+++ Provided data +++

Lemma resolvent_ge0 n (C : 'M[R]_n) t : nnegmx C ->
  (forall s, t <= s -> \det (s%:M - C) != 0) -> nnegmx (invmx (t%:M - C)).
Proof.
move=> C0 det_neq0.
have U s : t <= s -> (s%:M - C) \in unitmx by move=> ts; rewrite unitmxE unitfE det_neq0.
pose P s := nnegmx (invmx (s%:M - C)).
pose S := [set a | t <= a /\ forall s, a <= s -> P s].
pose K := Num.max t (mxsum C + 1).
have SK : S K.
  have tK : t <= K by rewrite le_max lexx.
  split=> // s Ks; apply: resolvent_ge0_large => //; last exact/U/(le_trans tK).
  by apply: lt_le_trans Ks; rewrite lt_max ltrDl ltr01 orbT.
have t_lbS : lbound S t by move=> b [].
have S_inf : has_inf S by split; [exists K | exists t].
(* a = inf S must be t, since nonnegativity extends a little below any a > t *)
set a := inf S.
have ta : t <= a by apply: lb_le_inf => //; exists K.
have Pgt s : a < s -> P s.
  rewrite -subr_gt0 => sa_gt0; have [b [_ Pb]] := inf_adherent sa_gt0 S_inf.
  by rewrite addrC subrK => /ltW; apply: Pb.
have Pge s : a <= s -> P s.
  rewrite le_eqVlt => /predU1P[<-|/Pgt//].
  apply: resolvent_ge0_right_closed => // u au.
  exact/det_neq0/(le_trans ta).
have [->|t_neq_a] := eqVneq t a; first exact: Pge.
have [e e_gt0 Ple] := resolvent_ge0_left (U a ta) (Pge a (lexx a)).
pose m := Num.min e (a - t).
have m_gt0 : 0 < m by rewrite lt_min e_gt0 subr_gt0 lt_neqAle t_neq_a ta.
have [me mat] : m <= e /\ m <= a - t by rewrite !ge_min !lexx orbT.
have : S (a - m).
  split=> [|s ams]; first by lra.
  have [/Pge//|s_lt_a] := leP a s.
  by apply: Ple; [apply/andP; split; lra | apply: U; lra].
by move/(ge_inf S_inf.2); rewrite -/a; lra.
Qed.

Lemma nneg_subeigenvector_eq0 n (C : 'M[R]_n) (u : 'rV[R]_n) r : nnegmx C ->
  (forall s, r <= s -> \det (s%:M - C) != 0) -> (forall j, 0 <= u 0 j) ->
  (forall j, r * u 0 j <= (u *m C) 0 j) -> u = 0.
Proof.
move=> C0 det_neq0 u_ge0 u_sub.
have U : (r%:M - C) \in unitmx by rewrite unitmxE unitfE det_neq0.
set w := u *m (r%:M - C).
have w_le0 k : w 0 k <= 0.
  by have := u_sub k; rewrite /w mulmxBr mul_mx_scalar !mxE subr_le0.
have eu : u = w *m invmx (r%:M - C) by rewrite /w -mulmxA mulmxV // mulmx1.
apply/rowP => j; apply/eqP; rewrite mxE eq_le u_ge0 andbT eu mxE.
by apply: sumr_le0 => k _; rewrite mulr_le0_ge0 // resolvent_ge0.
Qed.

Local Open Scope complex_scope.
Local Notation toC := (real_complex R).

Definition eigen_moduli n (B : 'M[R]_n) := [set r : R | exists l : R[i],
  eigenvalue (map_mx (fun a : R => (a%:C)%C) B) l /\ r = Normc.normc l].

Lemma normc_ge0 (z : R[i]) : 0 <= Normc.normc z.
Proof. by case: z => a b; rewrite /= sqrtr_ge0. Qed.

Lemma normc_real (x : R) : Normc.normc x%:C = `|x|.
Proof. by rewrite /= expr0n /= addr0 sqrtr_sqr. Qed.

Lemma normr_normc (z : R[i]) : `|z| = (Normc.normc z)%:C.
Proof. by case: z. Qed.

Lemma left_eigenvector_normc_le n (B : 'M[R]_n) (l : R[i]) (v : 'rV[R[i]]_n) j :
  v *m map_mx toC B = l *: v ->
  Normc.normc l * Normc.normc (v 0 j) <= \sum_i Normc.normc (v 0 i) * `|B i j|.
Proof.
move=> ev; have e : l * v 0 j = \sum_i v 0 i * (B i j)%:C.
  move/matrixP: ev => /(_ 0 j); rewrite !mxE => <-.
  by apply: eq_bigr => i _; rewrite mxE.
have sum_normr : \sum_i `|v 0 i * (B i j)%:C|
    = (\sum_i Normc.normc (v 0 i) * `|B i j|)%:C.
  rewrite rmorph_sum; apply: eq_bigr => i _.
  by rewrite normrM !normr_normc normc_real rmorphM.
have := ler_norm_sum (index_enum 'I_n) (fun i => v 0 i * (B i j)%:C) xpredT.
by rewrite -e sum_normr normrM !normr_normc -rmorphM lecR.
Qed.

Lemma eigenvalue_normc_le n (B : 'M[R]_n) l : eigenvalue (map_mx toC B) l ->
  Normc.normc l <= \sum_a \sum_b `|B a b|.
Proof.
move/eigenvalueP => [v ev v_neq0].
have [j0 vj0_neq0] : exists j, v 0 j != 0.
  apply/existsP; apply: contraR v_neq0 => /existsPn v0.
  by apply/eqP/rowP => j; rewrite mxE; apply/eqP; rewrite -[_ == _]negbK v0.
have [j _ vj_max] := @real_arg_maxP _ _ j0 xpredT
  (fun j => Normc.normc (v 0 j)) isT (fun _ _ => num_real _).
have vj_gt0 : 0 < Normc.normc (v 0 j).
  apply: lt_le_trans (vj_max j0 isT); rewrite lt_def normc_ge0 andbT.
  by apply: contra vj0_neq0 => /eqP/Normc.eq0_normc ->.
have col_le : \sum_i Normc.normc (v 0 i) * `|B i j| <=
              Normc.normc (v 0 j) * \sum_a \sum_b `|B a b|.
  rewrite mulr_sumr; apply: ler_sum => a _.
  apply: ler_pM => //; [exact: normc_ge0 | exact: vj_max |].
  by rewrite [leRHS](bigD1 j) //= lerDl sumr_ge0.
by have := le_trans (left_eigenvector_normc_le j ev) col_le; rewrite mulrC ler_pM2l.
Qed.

+++

• [Your task]
Go through the listing above and write out exactly the lines starting with the one holding "by apply: lt_le_trans" and running through the one holding "pose m := Num.min e (a - t).", ends included, and no others.

• [Solution below]
  by apply: lt_le_trans Ks; rewrite lt_max ltrDl ltr01 orbT.
have t_lbS : lbound S t by move=> b [].
have S_inf : has_inf S by split; [exists K | exists t].
(* a = inf S must be t, since nonnegativity extends a little below any a > t *)
set a := inf S.
have ta : t <= a by apply: lb_le_inf => //; exists K.
have Pgt s : a < s -> P s.
  rewrite -subr_gt0 => sa_gt0; have [b [_ Pb]] := inf_adherent sa_gt0 S_inf.
  by rewrite addrC subrK => /ltW; apply: Pb.
have Pge s : a <= s -> P s.
  rewrite le_eqVlt => /predU1P[<-|/Pgt//].
  apply: resolvent_ge0_right_closed => // u au.
  exact/det_neq0/(le_trans ta).
have [->|t_neq_a] := eqVneq t a; first exact: Pge.
have [e e_gt0 Ple] := resolvent_ge0_left (U a ta) (Pge a (lexx a)).
pose m := Num.min e (a - t).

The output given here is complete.